(* Let $n\in\mathbb N$ and let $f$ be extremal for $M_n$ with $f(0)>0$ and $N$ atoms. Let $t=-\log f(0)>0$ and let $h:\mathbb D\to\mathbb D$ be the holomorphic function with $h(0)=0$ such that $f=\exp\big(t\frac{h-1}{h+1}\big)$. Then $h$ is a finite Blaschke product of degree $N$.
   Context: $\mathbb D$ is the open unit disc; $\mathcal B_0=\{f$ holomorphic on $\mathbb D: 0<|f|\le1\}$; $M_n(f)=\mathrm{Re}\,a_n$ for $f=\sum a_jz^j$; $f\in\mathcal B_0$ is extremal for $M_n$ if $M_n(f)\ge M_n(F)$ for all $F\in\mathcal B_0$. It is known that such $f$ with $f(0)>0$ has the form $f(z)=\exp\big(-\sum_{j=1}^N\lambda_j\frac{1+\alpha_jz}{1-\alpha_jz}\big)$ with $1\le N\le n$, $\lambda_j>0$, distinct $\alpha_j\in\partial\mathbb D$ ($N$ = number of atoms). Explicitly $h=\frac{t+\log f}{t-\log f}$ with $\log f$ the branch real at $0$. *)

From Stdlib Require Import Reals.
From Coquelicot Require Import Coquelicot.
Open Scope C_scope.

Definition Cexp (z : Complex.C) : Complex.C :=
  (exp (Re z) * cos (Im z), exp (Re z) * sin (Im z))%R.

Definition in_disc (z : Complex.C) : Prop := (Cmod z < 1)%R.

Definition holo_on_disc (f : Complex.C -> Complex.C) : Prop :=
  forall z, in_disc z -> ex_derive f z.

Definition B0 (f : Complex.C -> Complex.C) : Prop :=
  holo_on_disc f /\ forall z, in_disc z -> (0 < Cmod (f z) <= 1)%R.

Definition taylor_coefs (f : Complex.C -> Complex.C) (a : nat -> Complex.C) : Prop :=
  forall z, in_disc z -> is_series (fun j => a j * pow_n z j) (f z).

(* f is extremal for M_n(f) = Re a_n *)
Definition extremal (n : nat) (f : Complex.C -> Complex.C) : Prop :=
  B0 f /\ forall (F : Complex.C -> Complex.C) (a b : nat -> Complex.C),
    B0 F -> taylor_coefs f a -> taylor_coefs F b -> (Re (b n) <= Re (a n))%R.

Fixpoint csum (u : nat -> Complex.C) (N : nat) : Complex.C :=
  match N with O => 0 | S k => csum u k + u k end.
Fixpoint cprod (u : nat -> Complex.C) (N : nat) : Complex.C :=
  match N with O => 1 | S k => cprod u k * u k end.

Definition has_atoms (f : Complex.C -> Complex.C) (N : nat) : Prop :=
  exists (lam : nat -> R) (al : nat -> Complex.C),
    (forall j, (j < N)%nat -> (0 < lam j)%R) /\
    (forall j, (j < N)%nat -> Cmod (al j) = 1%R) /\
    (forall i j, (i < N)%nat -> (j < N)%nat -> al i = al j -> i = j) /\
    (forall z, in_disc z ->
       f z = Cexp (- csum (fun j => RtoC (lam j) * ((1 + al j * z) / (1 - al j * z))) N)).

Definition blaschke_deg (h : Complex.C -> Complex.C) (N : nat) : Prop :=
  exists (c : Complex.C) (a : nat -> Complex.C),
    Cmod c = 1%R /\ (forall k, (k < N)%nat -> (Cmod (a k) < 1)%R) /\
    (forall z, in_disc z ->
       h z = c * cprod (fun k => (z - a k) / (1 - Cconj (a k) * z)) N).

(* Write [S z = sum_j lam_j (1 + al_j z) / (1 - al_j z)], so that [f = Cexp (- S)] and
   [t = S 0]. Both [t (h - 1) / (h + 1)] and [- S] are continuous logarithms of [f] on the
   disc that agree at [0], hence they coincide and [h = (t - S) / (t + S)]. Clearing the
   denominator [prod_j (1 - al_j z)] gives [h = P / Q] with polynomials [P] and [Q] of
   degree [N]. Since [Re S >= 0] inside the disc and [Re S <= 0] outside, the [N] roots
   [a_k] of [P] lie in the disc; since [|al_j| = 1], [Q] is the reflection
   [z ^ N * Cconj (P (/ Cconj z))] up to a unimodular factor, so its roots are the
   [/ Cconj a_k]. Hence [h = prod_j (- al_j) * prod_k (z - a_k) / (1 - Cconj a_k * z)]. *)

From Stdlib Require Import Reals Lra Lia Classical.
From Coquelicot Require Import Coquelicot.
From mathcomp Require all_boot all_algebra Rstruct complex.
Open Scope C_scope.
Set Bullet Behavior "Strict Subproofs".

Lemma Cmult_integral (x y : C) : x * y = 0 -> x = 0 \/ y = 0.
Proof.
  intros Hxy. destruct (classic (x = 0)) as [Hx | Hx]; [now left | right].
  replace y with (/ x * (x * y)) by (field; exact Hx). rewrite Hxy. ring.
Qed.

Lemma Cmult_reg_l (c x y : C) : c <> 0 -> c * x = c * y -> x = y.
Proof.
  intros Hc E. replace x with (/ c * (c * x)) by (field; exact Hc).
  rewrite E. field. exact Hc.
Qed.

Lemma Cconj_RtoC (r : R) : Cconj (RtoC r) = RtoC r.
Proof. unfold Cconj, RtoC; simpl. f_equal; ring. Qed.

Lemma Cconj_neq_0 (z : C) : z <> 0 -> Cconj z <> 0.
Proof. intros Hz E. apply Hz. rewrite <- (Cconj_conj z), E. apply Cconj_RtoC. Qed.

Lemma Cconj_real (x : C) : Im x = 0%R -> Cconj x = x.
Proof. destruct x as [a b]; simpl; intros ->. unfold Cconj; simpl. f_equal; ring. Qed.

Lemma C_real (x : C) : Im x = 0%R -> x = RtoC (Re x).
Proof. destruct x as [a b]; simpl; intros ->. reflexivity. Qed.

Lemma Cconj_unit (a : C) : Cmod a = 1%R -> Cconj a * a = 1.
Proof. intros Ha. rewrite Cmult_comm, <- Cmod2_conj, Ha. unfold RtoC. f_equal; ring. Qed.

Lemma Cmult_eq_1_inj (a b z : C) : a * z = 1 -> b * z = 1 -> a = b.
Proof.
  intros Ha Hb. transitivity (a * (b * z)); [rewrite Hb; ring|].
  transitivity (b * (a * z)); [ring|]. rewrite Ha. ring.
Qed.

Lemma one_minus_neq_0 (w : C) : (Cmod w < 1)%R -> 1 - w <> 0.
Proof.
  intros Hw E. apply Ceq_minus in E. rewrite <- E, Cmod_1 in Hw. lra.
Qed.

Lemma Cmod_mult_lt_1 (a z : C) : (Cmod a <= 1)%R -> (Cmod z < 1)%R -> (Cmod (a * z) < 1)%R.
Proof.
  intros Ha Hz. rewrite Cmod_mult. pose proof (Cmod_ge_0 a). pose proof (Cmod_ge_0 z). nra.
Qed.

Lemma in_disc_scale (s : R) (z : C) : (0 <= s <= 1)%R -> in_disc z -> in_disc (RtoC s * z).
Proof.
  unfold in_disc. intros Hs Hz. rewrite Cmod_mult, Cmod_R, Rabs_pos_eq by lra.
  pose proof (Cmod_ge_0 z). nra.
Qed.

Lemma cprod_ext (u v : nat -> C) n :
  (forall j, (j < n)%nat -> u j = v j) -> cprod u n = cprod v n.
Proof.
  induction n as [|n IH]; simpl; intros H; [reflexivity|].
  rewrite IH, (H n) by first [lia | intros; apply H; lia]. reflexivity.
Qed.

Lemma cprod_neq_0 (u : nat -> C) n : (forall j, (j < n)%nat -> u j <> 0) -> cprod u n <> 0.
Proof.
  induction n as [|n IH]; simpl; intros H.
  - exact C1_nz.
  - apply Cmult_neq_0; [apply IH; intros j Hj|]; apply H; lia.
Qed.

Lemma cprod_factor_eq_0 (u : nat -> C) n j : (j < n)%nat -> u j = 0 -> cprod u n = 0.
Proof.
  induction n as [|n IH]; simpl; intros Hj Hu; [lia|].
  destruct (Nat.eq_dec j n) as [-> | Hne].
  - rewrite Hu. ring.
  - rewrite IH by (lia || exact Hu). ring.
Qed.

Lemma cprod_eq_0 (u : nat -> C) n : cprod u n = 0 -> exists j, (j < n)%nat /\ u j = 0.
Proof.
  intros H. apply NNPP. intros Hno. apply (cprod_neq_0 u n); [|exact H].
  intros j Hj E. apply Hno. now exists j.
Qed.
-------------------------
:: HOW TO COMPLETE THIS TASK ::
All that should appear in the response is the run of lines from the first line of the entries through the line containing "match N with O => 1", copied exactly.

:: EXERCISE SOLUTION ::
(* Let $n\in\mathbb N$ and let $f$ be extremal for $M_n$ with $f(0)>0$ and $N$ atoms. Let $t=-\log f(0)>0$ and let $h:\mathbb D\to\mathbb D$ be the holomorphic function with $h(0)=0$ such that $f=\exp\big(t\frac{h-1}{h+1}\big)$. Then $h$ is a finite Blaschke product of degree $N$.
   Context: $\mathbb D$ is the open unit disc; $\mathcal B_0=\{f$ holomorphic on $\mathbb D: 0<|f|\le1\}$; $M_n(f)=\mathrm{Re}\,a_n$ for $f=\sum a_jz^j$; $f\in\mathcal B_0$ is extremal for $M_n$ if $M_n(f)\ge M_n(F)$ for all $F\in\mathcal B_0$. It is known that such $f$ with $f(0)>0$ has the form $f(z)=\exp\big(-\sum_{j=1}^N\lambda_j\frac{1+\alpha_jz}{1-\alpha_jz}\big)$ with $1\le N\le n$, $\lambda_j>0$, distinct $\alpha_j\in\partial\mathbb D$ ($N$ = number of atoms). Explicitly $h=\frac{t+\log f}{t-\log f}$ with $\log f$ the branch real at $0$. *)

From Stdlib Require Import Reals.
From Coquelicot Require Import Coquelicot.
Open Scope C_scope.

Definition Cexp (z : Complex.C) : Complex.C :=
  (exp (Re z) * cos (Im z), exp (Re z) * sin (Im z))%R.

Definition in_disc (z : Complex.C) : Prop := (Cmod z < 1)%R.

Definition holo_on_disc (f : Complex.C -> Complex.C) : Prop :=
  forall z, in_disc z -> ex_derive f z.

Definition B0 (f : Complex.C -> Complex.C) : Prop :=
  holo_on_disc f /\ forall z, in_disc z -> (0 < Cmod (f z) <= 1)%R.

Definition taylor_coefs (f : Complex.C -> Complex.C) (a : nat -> Complex.C) : Prop :=
  forall z, in_disc z -> is_series (fun j => a j * pow_n z j) (f z).

(* f is extremal for M_n(f) = Re a_n *)
Definition extremal (n : nat) (f : Complex.C -> Complex.C) : Prop :=
  B0 f /\ forall (F : Complex.C -> Complex.C) (a b : nat -> Complex.C),
    B0 F -> taylor_coefs f a -> taylor_coefs F b -> (Re (b n) <= Re (a n))%R.

Fixpoint csum (u : nat -> Complex.C) (N : nat) : Complex.C :=
  match N with O => 0 | S k => csum u k + u k end.
Fixpoint cprod (u : nat -> Complex.C) (N : nat) : Complex.C :=
  match N with O => 1 | S k => cprod u k * u k end.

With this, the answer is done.